Keputusan itu diumumkan oleh Alexis Kohler, seketaris umum istana kepresidenan Perancis.
Florence Parly, mantan eksekutif perusahaan kereta dan penerbangan Perancis, ditunjuk sebagai menteri pertahanan baru.
Hari Selasa, Sylvie Goulard mengumumkan pengunduran dirinya sebagai menteri pertahanan, dengan alasan itu akan "menunjukkan jelas" niat baikknya terhadap investigasi tuduhan penyalahgunaan dana Uni Eropa.
Anggota Mahkamah Agung Nicole Belloubet diangkat menjadi menteri kehakiman setelah turunnya Francois Bayrou, pemimpin partai beraliansi tengah Democracy Movement (MoDem), dari jabatan tersebut.
Menteri dalam negeri Gerard Collomb, menteri ekologi Nicolas Hulot, menteri UE dan luar negeri Jean-Yves Le Drian, dan menteri ekonomi Bruno Le Maire tetap memegang posisi mereka.
Setengah dari kabinet menteri yang berisikan 28 anggota tersebut adalah wanita.
Sebelumnya pada Rabu, Bayrou dan menteri urusan Eropa Mariella de Sarnez, melepaskan jabatan mereka atas tuduhan memalsukan jabatan kerja di Parlemen Eropa bagi asisten partai mereka.
Partai Bayrou bersekutu dengan partai presiden Perancis yaitu La Republique En Marche! (LREM) dan bermain peran penting dalam memenangkan Marcon dalam pemilu beberapa bulan lalu.
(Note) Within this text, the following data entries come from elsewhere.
(* Let $p$ be an odd prime, $K$ an algebraically closed field of characteristic $\ne p$, $G=\mathrm{PGL}_n(K)$, $n=p^st$ with $\gcd(p,t)=1$, $s,t\ge1$. Let $1\le r\le s$, $n=p^rk$, and $D=D_r\times(H\otimes I_{p^r})$ where $H$ is trivial or a toral elementary abelian $p$-subgroup of $\mathrm{PGL}_k(K)$ with connected centralizer in $\mathrm{PGL}_k(K)$. Then $C_G(D)=\langle C_G(D)^\circ,\bar B_0,\dots,\bar B_{r-1}\rangle=C_G(D)^\circ\cdot B_r$.
   Context: Fix a primitive $p$-th root of unity $\beta\in K$. For $0\le s'\le r-1$: $\sigma_{s'}$ is the permutation of $\{1,\dots,p^r\}$ with $\sigma_{s'}(i)=i+p^{s'}$ if $i\equiv1,\dots,(p-1)p^{s'}\pmod{p^{s'+1}}$ and $\sigma_{s'}(i)=i-(p-1)p^{s'}$ otherwise (residues in $\{1,\dots,p^{s'+1}\}$); $A_{s'}$ is diagonal $p^r\times p^r$ with $(A_{s'})_{ii}=\beta^{\lfloor(i-1)/p^{s'}\rfloor}$; $B_{s'}$ is the permutation matrix with $(B_{s'})_{ij}=1$ iff $\sigma_{s'}(i)=j$. $\bar A_{s'},\bar B_{s'}$ are the images in $\mathrm{PGL}_n(K)$ of $I_k\otimes A_{s'}$, $I_k\otimes B_{s'}$. $D_r=\langle\bar A_0,\dots,\bar A_{r-1}\rangle$, $B_r=\langle\bar B_0,\dots,\bar B_{r-1}\rangle$. $H\otimes I_{p^r}$ is the image of $\{h\otimes I_{p^r}\}$. Toral: in a maximal torus. *)

From HB Require Import structures.
From mathcomp Require Import all_boot all_order all_algebra.
From mathcomp Require Import mpoly.
Set Implicit Arguments. Unset Strict Implicit. Unset Printing Implicit Defensive.
Import Order.TTheory GRing.Theory.
Local Open Scope ring_scope.

Section PGL.
Variable K : fieldType.

Definition mxn {m n'} (A : 'M[K]_(m, n')) (a b : nat) : K :=
  match @insub _ (fun x => x < m)%N 'I_m a, @insub _ (fun x => x < n')%N 'I_n' b with
  | Some i, Some j => A i j
  | _, _ => 0
  end.

(* Kronecker product A (x) B, row index a*q+b *)
Definition kron {m q} (A : 'M[K]_m) (B : 'M[K]_q) : 'M[K]_(m * q) :=
  \matrix_(i, j) (mxn A (i %/ q) (j %/ q) * mxn B (i %% q) (j %% q)).

Variable m : nat.

(* Subsets of PGL_m(K) are represented by their (scalar-saturated) preimages
   in GL_m(K), i.e. predicates on invertible matrices. *)
Definition saturated (F : 'M[K]_m -> Prop) :=
  forall A c, A \in unitmx -> c != 0 -> F A -> F (c *: A).

Definition is_scalar_unit (A : 'M[K]_m) := exists c : K, c != 0 /\ A = c%:M.

Definition GLsubgroup (H : 'M[K]_m -> Prop) :=
  [/\ H 1%:M, (forall A B, H A -> H B -> H (A *m B))
    & (forall A, H A -> A \in unitmx /\ H (invmx A))].

Definition gen (S : 'M[K]_m -> Prop) (X : 'M[K]_m) :=
  forall H, GLsubgroup H -> (forall Y, S Y -> H Y) -> H X.

(* preimage in GL_m of the subgroup of PGL_m generated by the images of S *)
Definition pgen (S : 'M[K]_m -> Prop) :=
  gen (fun X => S X \/ is_scalar_unit X).

(* preimage of the centralizer in PGL_m of the image of S *)
Definition pcent (S : 'M[K]_m -> Prop) (X : 'M[K]_m) :=
  X \in unitmx /\ forall d, S d -> exists c : K, c != 0 /\ X *m d = c *: (d *m X).

Definition Zclosed (F : 'M[K]_m -> Prop) :=
  exists S : {mpoly K[m * m]} -> Prop, forall A, A \in unitmx ->
    (F A <-> forall q, S q -> q.@[fun i => mxvec A 0 i] = 0).

(* closed subsets of PGL_m (quotient topology) *)
Definition PZclosed F := Zclosed F /\ saturated F.

Definition Pconnected (Z : 'M[K]_m -> Prop) :=
  forall F1 F2, PZclosed F1 -> PZclosed F2 ->
    (forall A, Z A -> F1 A \/ F2 A) -> (forall A, Z A -> F1 A -> F2 A -> False) ->
    (forall A, Z A -> F1 A) \/ (forall A, Z A -> F2 A).

Definition idcomp (Y : 'M[K]_m -> Prop) (X : 'M[K]_m) :=
  exists Z : 'M[K]_m -> Prop, [/\ (forall A, Z A -> Y A), saturated Z, Z 1%:M,
    Pconnected Z & Z X].

Definition PGLsubgroup (H : 'M[K]_m -> Prop) := GLsubgroup H /\ saturated H.

Definition trivialP (H : 'M[K]_m -> Prop) := forall A, H A <-> is_scalar_unit A.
Sarnez termasuk dalam 19 representatif Perancis dalam parlemen Eropa yang menghadapi dugaan pelanggaran dalam merekrut asisten.
Pengunduran diri tersebut terjadi sebelum 'reshuffle teknis' yang dijadwalkan setelah pemilihan parlemen Minggu lalu dimenangkan oleh persekutuan LREM dan MoDem.
Kemenangan partai yang didirikan Macron itu memberikan mereka kekuasaan untuk membentuk pemerintahan dengan 308 anggota parlemennya.